Cutaneous tuberculosis (TB) is a rare form of extrapulmonary TB and often poses diagnostic challenges due to its varied clinical manifestations. Erythema induratum of Bazin (EIB) is a recognized manifestation, representing a form of lobular panniculitis associated with cutaneous TB.

Clinically, it presents as erythematous to violaceous nodules or plaques, most commonly involving the posterior aspect of the lower legs in young or middle-aged women. Lesions may ulcerate and drain, and tend to recur, healing with scarring.

Histologically, EIB is characterized by lobular or mixed panniculitis with associated vasculitis involving septal veins and arteries. Necrosis is evident in approximately half of all cases.

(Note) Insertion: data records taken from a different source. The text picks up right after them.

(* Let $\alpha$ be a unit speed Frenet curve in $\mathbb{E}^3$ and $\beta$ an osculating mate of $\alpha$ with binormal $\bar B$. The following are equivalent: (i) the binormal indicatrix $\bar B$ of $\beta$ is a general helix; (ii) $\beta$ is a slant helix; (iii) $\alpha$ is a general helix.
   Context: $\alpha:I\to\mathbb{E}^3$ is parametrized by arclength $s$, with Frenet frame $\{T,N,B\}$, curvature $\kappa>0$, torsion $\tau$. An osculating mate of $\alpha$ is a curve $\beta(s)=\int(x_1T+x_2N)ds$ with smooth $x_1,x_2$, $x_1^2+x_2^2=1$ and $\beta''\perp\mathrm{span}\{T,N\}$; $\beta$ is assumed to be a Frenet curve, unit speed in $s$, with Frenet frame $\{\bar T,\bar N,\bar B\}$. The binormal indicatrix of $\beta$ is the spherical curve $s\mapsto\bar B(s)$. A general helix is a curve whose tangent makes a constant angle with a fixed direction (equivalently torsion/curvature is constant). A slant helix is a curve whose principal normal makes a constant angle with a fixed direction (equivalently $\frac{k^2}{(k^2+t^2)^{3/2}}(t/k)'$ is constant, $k,t$ its curvature and torsion). *)

From Stdlib Require Import Reals.
From Coquelicot Require Import Coquelicot.
Open Scope R_scope.

Record vec3 := V3 { vx : R; vy : R; vz : R }.

Definition vadd (u v : vec3) : vec3 := V3 (vx u + vx v) (vy u + vy v) (vz u + vz v).
Definition vscale (c : R) (u : vec3) : vec3 := V3 (c * vx u) (c * vy u) (c * vz u).
Definition vzero : vec3 := V3 0 0 0.
Definition dot (u v : vec3) : R := vx u * vx v + vy u * vy v + vz u * vz v.
Definition cross (u v : vec3) : vec3 :=
  V3 (vy u * vz v - vz u * vy v) (vz u * vx v - vx u * vz v) (vx u * vy v - vy u * vx v).
Definition vnorm (u : vec3) : R := sqrt (dot u u).

Definition has_vderiv (f : R -> vec3) (s : R) (v : vec3) : Prop :=
  is_derive (fun r => vx (f r)) s (vx v) /\
  is_derive (fun r => vy (f r)) s (vy v) /\
  is_derive (fun r => vz (f r)) s (vz v).

Definition in_I (a b : Rbar) (s : R) : Prop := Rbar_lt a s /\ Rbar_lt s b.

Definition frenet_curve (a b : Rbar) (c : R -> vec3) (T N B : R -> vec3) (k t : R -> R) : Prop :=
  forall s, in_I a b s ->
    has_vderiv c s (T s) /\ vnorm (T s) = 1 /\
    0 < k s /\ has_vderiv T s (vscale (k s) (N s)) /\
    vnorm (N s) = 1 /\ dot (T s) (N s) = 0 /\
    B s = cross (T s) (N s) /\
    has_vderiv N s (vadd (vscale (- k s) (T s)) (vscale (t s) (B s))) /\
    has_vderiv B s (vscale (- t s) (N s)) /\
    continuous k s /\ continuous t s.

Definition osculating_mate (a b : Rbar) (T N : R -> vec3) (x1 x2 : R -> R)
    (beta : R -> vec3) : Prop :=
  forall s, in_I a b s ->
    ex_derive x1 s /\ ex_derive x2 s /\
    x1 s ^ 2 + x2 s ^ 2 = 1 /\
    has_vderiv beta s (vadd (vscale (x1 s) (T s)) (vscale (x2 s) (N s))) /\
    exists w, has_vderiv (fun r => vadd (vscale (x1 r) (T r)) (vscale (x2 r) (N r))) s w /\
              dot w (T s) = 0 /\ dot w (N s) = 0.

(** General helix: a regular curve whose tangent direction makes a constant
    angle with a fixed direction (unit vector u). *)
Definition general_helix (a b : Rbar) (g : R -> vec3) : Prop :=
  exists (u : vec3) (c : R), vnorm u = 1 /\
    forall s, in_I a b s ->
      exists v, has_vderiv g s v /\ v <> vzero /\ dot v u = c * vnorm v.

Definition slant_helix (a b : Rbar) (g : R -> vec3) : Prop :=
  exists (T N B : R -> vec3) (k t : R -> R),
    frenet_curve a b g T N B k t /\
    exists (u : vec3) (c : R), vnorm u = 1 /\
      forall s, in_I a b s -> dot (N s) u = c.

(* Write beta' = x1 T + x2 N.  Differentiating once more and using that beta'' is
   orthogonal to T and N leaves kb Nb = x2 tau B, so the principal normal of beta is
   e B with a constant sign e = +-1, and tau never vanishes.  Each of the three
   conditions then says that B makes a constant angle with a fixed unit vector u:
   for the slant helix directly; for the binormal indicatrix because its tangent is
   -tb Nb = -e tb B with tb of constant sign; and for alpha because
   <T,u>' = kappa <N,u> and <B,u>' = -tau <N,u> vanish together. *)

From Stdlib Require Import Reals Lra Psatz Classical.
From Coquelicot Require Import Coquelicot.
Open Scope R_scope.

Set Implicit Arguments.

Definition constant_on (a b : Rbar) (f : R -> R) : Prop :=
  exists c, forall s, in_I a b s -> f s = c.

Definition constant_angle (a b : Rbar) (V : R -> vec3) : Prop :=
  exists u, vnorm u = 1 /\ constant_on a b (fun s => dot (V s) u).

Ltac vec_ring := intros; repeat match goal with v : vec3 |- _ => destruct v end;
  unfold dot, cross, vadd, vscale, vzero; simpl;
  lazymatch goal with |- @eq vec3 _ _ => f_equal; ring | _ => ring end.

Lemma dot_scale_l c v u : dot (vscale c v) u = c * dot v u.
Proof. vec_ring. Qed.

Lemma dot_self_unit u : vnorm u = 1 -> dot u u = 1.
Proof.
  unfold vnorm; intro Hu.
  assert (0 <= dot u u) by (destruct u; unfold dot; simpl; nra).
  rewrite <- (sqrt_sqrt (dot u u)), Hu by assumption; ring.
Qed.

Lemma dot_scale_self c v : dot (vscale c v) (vscale c v) = c ^ 2 * dot v v.
Proof. vec_ring. Qed.

Lemma vnorm_scale c v : dot v v = 1 -> vnorm (vscale c v) = Rabs c.
Proof.
  intro Hv; unfold vnorm.
  rewrite dot_scale_self, Hv, Rmult_1_r, <- Rsqr_pow2; apply sqrt_Rsqr_abs.
Qed.

Lemma dot_self_neq0 v : dot v v <> 0 -> v <> vzero.
Proof. intros Hv ->; apply Hv; vec_ring. Qed.

Lemma dot_cross_self t n :
  dot (cross t n) (cross t n) = dot t t * dot n n - dot t n ^ 2.
Proof. vec_ring. Qed.

Lemma orthonormal_cross_component (t n w : vec3) A C D :
  dot t t = 1 -> dot n n = 1 -> dot t n = 0 ->
  w = vadd (vadd (vscale A t) (vscale C n)) (vscale D (cross t n)) ->
  dot w t = 0 -> dot w n = 0 -> w = vscale D (cross t n).
Proof.
  intros Htt Hnn Htn Hw Hwt Hwn.
  assert (EA : dot w t = A * dot t t + C * dot t n) by (subst w; vec_ring).
  assert (EC : dot w n = A * dot t n + C * dot n n) by (subst w; vec_ring).
  rewrite Htt, Htn in EA; rewrite Htn, Hnn in EC.
  replace A with 0 in Hw by lra; replace C with 0 in Hw by lra.
  subst w; vec_ring.
Qed.

Lemma unit_parallel_unit (n m : vec3) c d :
  dot n n = 1 -> dot m m = 1 -> c <> 0 -> vscale c n = vscale d m ->
  n = vscale (dot n m) m /\ dot n m ^ 2 = 1.
Proof.
  intros Hn Hm Hc Hcd.
  assert (En : n = vscale (d / c) m).
  { replace n with (vscale (/ c) (vscale c n))
      by (destruct n; unfold vscale; simpl; f_equal; field; exact Hc).
    rewrite Hcd; destruct m; unfold vscale; simpl; f_equal; field; exact Hc. }
  assert (Edot : dot n m = d / c) by (rewrite En, dot_scale_l, Hm; ring).
  rewrite Edot; split; [exact En|].
  rewrite <- Hn, En, dot_scale_self, Hm; ring.
Qed.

The sonographic literature on EIB is scarce; however, reported cases describe a lobular or mixed panniculitis pattern on ultrasound.

Sarcoidosis

Sarcoidosis is a multisystem disease characterized by the formation of non-caseating granulomas. Cutaneous involvement is common and highly variable, earning the disease the reputation of a “great imitator” in dermatology. Among the cutaneous forms, subcutaneous sarcoidosis is the least frequent, reported in 1.4–6% of patients with systemic sarcoidosis. It typically occurs in association with bilateral hilar lymphadenopathy. Clinically, it presents as papules or nodules, usually skin-colored, most commonly affecting the extremities.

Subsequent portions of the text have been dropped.